**PROMPT:** In the material below, transcribe every line from the first through the line holding "Lemma mv_scal c", exactly, and stop after that line.

————

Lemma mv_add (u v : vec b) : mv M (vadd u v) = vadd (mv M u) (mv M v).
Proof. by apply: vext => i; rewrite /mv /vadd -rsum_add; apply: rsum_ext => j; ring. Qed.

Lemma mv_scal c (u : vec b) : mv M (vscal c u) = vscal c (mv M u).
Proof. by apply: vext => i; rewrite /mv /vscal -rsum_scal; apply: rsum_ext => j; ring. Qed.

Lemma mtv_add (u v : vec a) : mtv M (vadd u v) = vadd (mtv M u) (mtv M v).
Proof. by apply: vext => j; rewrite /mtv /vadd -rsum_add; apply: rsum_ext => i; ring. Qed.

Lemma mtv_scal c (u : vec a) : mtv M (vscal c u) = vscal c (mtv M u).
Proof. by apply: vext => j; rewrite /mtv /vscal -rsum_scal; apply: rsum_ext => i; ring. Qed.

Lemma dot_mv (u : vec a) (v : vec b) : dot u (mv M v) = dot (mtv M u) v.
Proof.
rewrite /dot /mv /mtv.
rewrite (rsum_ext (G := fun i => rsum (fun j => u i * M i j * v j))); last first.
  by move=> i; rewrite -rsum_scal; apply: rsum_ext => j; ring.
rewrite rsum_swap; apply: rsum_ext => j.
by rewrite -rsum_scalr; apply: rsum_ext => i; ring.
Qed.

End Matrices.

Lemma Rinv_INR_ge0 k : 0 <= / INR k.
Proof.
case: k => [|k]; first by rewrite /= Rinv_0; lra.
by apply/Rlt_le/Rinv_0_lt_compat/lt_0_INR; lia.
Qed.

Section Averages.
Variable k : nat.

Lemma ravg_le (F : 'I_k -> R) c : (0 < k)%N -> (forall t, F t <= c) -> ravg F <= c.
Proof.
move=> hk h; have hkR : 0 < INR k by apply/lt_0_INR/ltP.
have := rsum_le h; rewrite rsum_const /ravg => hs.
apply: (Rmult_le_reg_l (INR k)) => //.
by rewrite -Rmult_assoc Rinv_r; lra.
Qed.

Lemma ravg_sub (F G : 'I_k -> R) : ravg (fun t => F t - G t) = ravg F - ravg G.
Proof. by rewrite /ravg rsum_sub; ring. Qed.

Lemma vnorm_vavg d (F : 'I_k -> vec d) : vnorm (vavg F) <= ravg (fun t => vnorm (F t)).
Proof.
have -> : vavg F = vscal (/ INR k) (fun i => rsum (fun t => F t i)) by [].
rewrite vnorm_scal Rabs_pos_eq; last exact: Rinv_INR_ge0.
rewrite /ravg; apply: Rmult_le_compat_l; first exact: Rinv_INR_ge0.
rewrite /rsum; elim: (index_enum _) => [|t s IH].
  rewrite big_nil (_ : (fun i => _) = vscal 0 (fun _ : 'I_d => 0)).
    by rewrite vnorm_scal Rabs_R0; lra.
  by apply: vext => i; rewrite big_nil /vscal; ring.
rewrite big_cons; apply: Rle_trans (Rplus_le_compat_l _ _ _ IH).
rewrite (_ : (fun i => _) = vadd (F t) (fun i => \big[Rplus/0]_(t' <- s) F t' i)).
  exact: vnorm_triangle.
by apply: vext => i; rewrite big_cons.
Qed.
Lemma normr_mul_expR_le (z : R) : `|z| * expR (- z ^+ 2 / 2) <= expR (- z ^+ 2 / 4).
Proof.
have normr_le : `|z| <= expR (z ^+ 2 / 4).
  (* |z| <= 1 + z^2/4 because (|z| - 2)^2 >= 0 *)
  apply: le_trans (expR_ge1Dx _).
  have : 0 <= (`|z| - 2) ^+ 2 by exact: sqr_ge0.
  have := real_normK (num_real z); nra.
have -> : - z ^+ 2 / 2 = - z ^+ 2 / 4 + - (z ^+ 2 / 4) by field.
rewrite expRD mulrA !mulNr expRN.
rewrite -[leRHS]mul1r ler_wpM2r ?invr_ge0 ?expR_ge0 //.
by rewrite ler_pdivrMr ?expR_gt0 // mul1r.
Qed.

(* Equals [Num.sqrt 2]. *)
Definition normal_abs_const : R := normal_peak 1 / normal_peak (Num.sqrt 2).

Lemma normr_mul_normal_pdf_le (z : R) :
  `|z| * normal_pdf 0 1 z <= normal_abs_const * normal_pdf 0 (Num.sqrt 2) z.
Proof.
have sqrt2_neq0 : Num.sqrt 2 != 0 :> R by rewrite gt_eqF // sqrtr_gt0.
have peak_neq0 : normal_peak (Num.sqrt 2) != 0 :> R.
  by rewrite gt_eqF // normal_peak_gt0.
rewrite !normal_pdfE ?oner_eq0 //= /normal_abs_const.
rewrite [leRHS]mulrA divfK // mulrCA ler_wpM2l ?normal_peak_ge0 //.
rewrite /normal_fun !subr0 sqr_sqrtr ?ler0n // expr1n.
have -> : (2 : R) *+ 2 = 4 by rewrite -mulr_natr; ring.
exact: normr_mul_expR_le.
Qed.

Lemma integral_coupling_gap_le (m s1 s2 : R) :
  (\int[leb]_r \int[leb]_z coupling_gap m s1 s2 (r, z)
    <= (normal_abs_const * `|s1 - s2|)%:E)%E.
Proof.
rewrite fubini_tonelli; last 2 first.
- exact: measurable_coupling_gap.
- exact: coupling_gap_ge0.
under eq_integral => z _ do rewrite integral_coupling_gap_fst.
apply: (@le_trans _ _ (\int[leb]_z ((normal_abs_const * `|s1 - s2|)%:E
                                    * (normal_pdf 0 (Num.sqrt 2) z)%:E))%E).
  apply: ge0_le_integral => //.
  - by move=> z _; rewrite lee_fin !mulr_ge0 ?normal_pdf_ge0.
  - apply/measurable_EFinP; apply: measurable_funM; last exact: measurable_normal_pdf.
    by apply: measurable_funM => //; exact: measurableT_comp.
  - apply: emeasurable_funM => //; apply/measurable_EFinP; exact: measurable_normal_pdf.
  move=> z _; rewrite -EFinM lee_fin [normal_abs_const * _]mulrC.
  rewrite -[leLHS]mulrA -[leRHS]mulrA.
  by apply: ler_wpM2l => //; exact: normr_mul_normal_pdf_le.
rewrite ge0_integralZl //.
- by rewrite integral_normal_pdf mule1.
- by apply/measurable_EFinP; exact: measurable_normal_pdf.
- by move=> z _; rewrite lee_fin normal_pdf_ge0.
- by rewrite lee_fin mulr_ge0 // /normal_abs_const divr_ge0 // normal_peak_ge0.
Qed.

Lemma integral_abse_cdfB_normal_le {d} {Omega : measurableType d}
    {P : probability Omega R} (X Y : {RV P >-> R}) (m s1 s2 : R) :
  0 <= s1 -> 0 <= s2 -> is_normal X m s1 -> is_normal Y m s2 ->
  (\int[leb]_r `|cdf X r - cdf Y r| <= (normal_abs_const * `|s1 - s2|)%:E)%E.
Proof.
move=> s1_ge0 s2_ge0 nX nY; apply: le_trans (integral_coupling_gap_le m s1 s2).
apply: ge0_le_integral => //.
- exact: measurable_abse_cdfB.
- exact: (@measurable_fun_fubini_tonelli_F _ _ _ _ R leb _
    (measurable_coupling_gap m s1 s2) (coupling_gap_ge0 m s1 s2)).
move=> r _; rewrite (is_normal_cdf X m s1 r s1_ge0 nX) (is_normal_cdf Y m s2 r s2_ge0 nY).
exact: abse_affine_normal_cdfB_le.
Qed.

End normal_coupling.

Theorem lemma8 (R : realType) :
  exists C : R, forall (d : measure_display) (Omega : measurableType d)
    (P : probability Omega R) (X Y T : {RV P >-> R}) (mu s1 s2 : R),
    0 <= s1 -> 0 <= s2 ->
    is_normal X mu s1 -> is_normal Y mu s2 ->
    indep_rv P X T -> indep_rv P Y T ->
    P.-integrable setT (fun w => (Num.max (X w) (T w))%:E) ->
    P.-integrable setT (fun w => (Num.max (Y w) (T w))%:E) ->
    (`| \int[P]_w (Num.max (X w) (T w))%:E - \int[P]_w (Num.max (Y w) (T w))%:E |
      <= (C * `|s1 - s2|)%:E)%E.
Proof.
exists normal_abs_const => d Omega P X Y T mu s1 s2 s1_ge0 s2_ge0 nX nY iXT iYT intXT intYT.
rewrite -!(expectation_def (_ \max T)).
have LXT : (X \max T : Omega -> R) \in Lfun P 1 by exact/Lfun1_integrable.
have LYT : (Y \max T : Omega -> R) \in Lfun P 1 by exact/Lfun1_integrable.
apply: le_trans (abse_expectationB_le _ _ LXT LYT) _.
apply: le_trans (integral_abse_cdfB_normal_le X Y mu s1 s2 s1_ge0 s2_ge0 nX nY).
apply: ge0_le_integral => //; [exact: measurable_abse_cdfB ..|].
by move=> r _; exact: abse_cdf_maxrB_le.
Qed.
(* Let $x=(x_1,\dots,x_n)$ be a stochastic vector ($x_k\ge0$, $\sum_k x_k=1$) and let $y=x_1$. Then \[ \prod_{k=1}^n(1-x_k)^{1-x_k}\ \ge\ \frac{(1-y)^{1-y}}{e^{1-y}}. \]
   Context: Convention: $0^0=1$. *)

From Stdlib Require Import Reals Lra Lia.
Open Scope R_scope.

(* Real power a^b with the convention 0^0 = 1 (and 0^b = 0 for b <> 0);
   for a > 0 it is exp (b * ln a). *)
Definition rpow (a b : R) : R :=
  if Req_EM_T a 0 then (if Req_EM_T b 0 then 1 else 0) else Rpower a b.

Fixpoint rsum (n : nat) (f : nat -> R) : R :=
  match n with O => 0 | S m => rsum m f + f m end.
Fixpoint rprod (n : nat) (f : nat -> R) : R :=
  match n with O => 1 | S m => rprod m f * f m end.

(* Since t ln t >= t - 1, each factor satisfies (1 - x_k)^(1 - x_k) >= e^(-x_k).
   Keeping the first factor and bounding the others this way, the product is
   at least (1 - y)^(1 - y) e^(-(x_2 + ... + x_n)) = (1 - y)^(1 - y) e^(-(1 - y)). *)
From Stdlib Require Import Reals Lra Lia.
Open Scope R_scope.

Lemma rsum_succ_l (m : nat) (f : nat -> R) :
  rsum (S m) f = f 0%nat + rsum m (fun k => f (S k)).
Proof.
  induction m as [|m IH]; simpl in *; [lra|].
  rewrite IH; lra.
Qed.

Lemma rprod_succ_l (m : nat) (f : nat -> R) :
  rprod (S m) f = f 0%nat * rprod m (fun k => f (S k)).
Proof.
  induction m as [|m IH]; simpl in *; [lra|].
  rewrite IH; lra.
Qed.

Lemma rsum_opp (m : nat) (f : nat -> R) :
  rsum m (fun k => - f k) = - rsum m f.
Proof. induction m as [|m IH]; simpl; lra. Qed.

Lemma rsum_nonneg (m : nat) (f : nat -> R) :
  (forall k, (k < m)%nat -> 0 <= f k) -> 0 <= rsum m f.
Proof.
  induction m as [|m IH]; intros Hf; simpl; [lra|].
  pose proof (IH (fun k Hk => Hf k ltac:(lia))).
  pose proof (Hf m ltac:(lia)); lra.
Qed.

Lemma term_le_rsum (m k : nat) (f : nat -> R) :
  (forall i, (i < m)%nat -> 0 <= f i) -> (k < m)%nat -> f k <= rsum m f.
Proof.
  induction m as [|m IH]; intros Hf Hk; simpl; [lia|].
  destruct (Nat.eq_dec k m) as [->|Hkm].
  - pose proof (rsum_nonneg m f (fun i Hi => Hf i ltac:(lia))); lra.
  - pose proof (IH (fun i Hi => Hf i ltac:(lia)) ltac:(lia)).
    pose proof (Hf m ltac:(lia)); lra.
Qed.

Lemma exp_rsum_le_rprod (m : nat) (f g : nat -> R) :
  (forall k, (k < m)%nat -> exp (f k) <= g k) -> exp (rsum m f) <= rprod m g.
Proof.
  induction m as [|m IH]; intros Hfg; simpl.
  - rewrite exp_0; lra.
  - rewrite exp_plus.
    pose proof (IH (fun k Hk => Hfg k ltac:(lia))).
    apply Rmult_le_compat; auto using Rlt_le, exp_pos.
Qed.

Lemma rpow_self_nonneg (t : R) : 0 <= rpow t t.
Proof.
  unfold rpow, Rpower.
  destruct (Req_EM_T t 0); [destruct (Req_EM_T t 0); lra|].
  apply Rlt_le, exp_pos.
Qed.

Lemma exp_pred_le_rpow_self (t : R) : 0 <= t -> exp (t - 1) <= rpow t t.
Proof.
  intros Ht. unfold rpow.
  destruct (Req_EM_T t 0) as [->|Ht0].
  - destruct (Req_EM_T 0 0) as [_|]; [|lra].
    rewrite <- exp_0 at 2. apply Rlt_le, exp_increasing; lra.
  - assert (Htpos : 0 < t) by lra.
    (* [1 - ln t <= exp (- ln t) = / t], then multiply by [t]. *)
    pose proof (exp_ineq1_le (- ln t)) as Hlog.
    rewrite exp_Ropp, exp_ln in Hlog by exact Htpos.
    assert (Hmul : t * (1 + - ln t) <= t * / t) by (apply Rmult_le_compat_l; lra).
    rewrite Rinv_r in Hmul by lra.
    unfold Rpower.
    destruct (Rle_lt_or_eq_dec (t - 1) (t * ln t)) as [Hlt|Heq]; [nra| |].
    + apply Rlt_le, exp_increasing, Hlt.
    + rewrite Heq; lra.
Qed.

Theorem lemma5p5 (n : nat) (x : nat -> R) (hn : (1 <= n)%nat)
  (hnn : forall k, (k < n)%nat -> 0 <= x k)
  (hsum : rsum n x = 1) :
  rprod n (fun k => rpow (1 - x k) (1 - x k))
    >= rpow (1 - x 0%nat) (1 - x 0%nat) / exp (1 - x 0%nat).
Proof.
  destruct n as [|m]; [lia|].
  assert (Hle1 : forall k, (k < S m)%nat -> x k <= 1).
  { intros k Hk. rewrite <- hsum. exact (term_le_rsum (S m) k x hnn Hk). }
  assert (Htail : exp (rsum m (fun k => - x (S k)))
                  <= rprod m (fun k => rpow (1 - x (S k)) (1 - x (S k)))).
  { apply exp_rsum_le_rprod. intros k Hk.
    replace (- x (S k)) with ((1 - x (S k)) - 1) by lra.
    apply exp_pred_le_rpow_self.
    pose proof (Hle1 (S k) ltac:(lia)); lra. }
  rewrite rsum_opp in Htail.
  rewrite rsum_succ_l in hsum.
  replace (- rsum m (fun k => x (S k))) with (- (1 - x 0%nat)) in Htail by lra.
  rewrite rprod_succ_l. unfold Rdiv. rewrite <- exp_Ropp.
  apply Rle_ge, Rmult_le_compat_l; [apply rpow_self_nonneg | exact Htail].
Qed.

————

**RESPONSE AREA:**
Lemma mv_add (u v : vec b) : mv M (vadd u v) = vadd (mv M u) (mv M v).
Proof. by apply: vext => i; rewrite /mv /vadd -rsum_add; apply: rsum_ext => j; ring. Qed.

Lemma mv_scal c (u : vec b) : mv M (vscal c u) = vscal c (mv M u).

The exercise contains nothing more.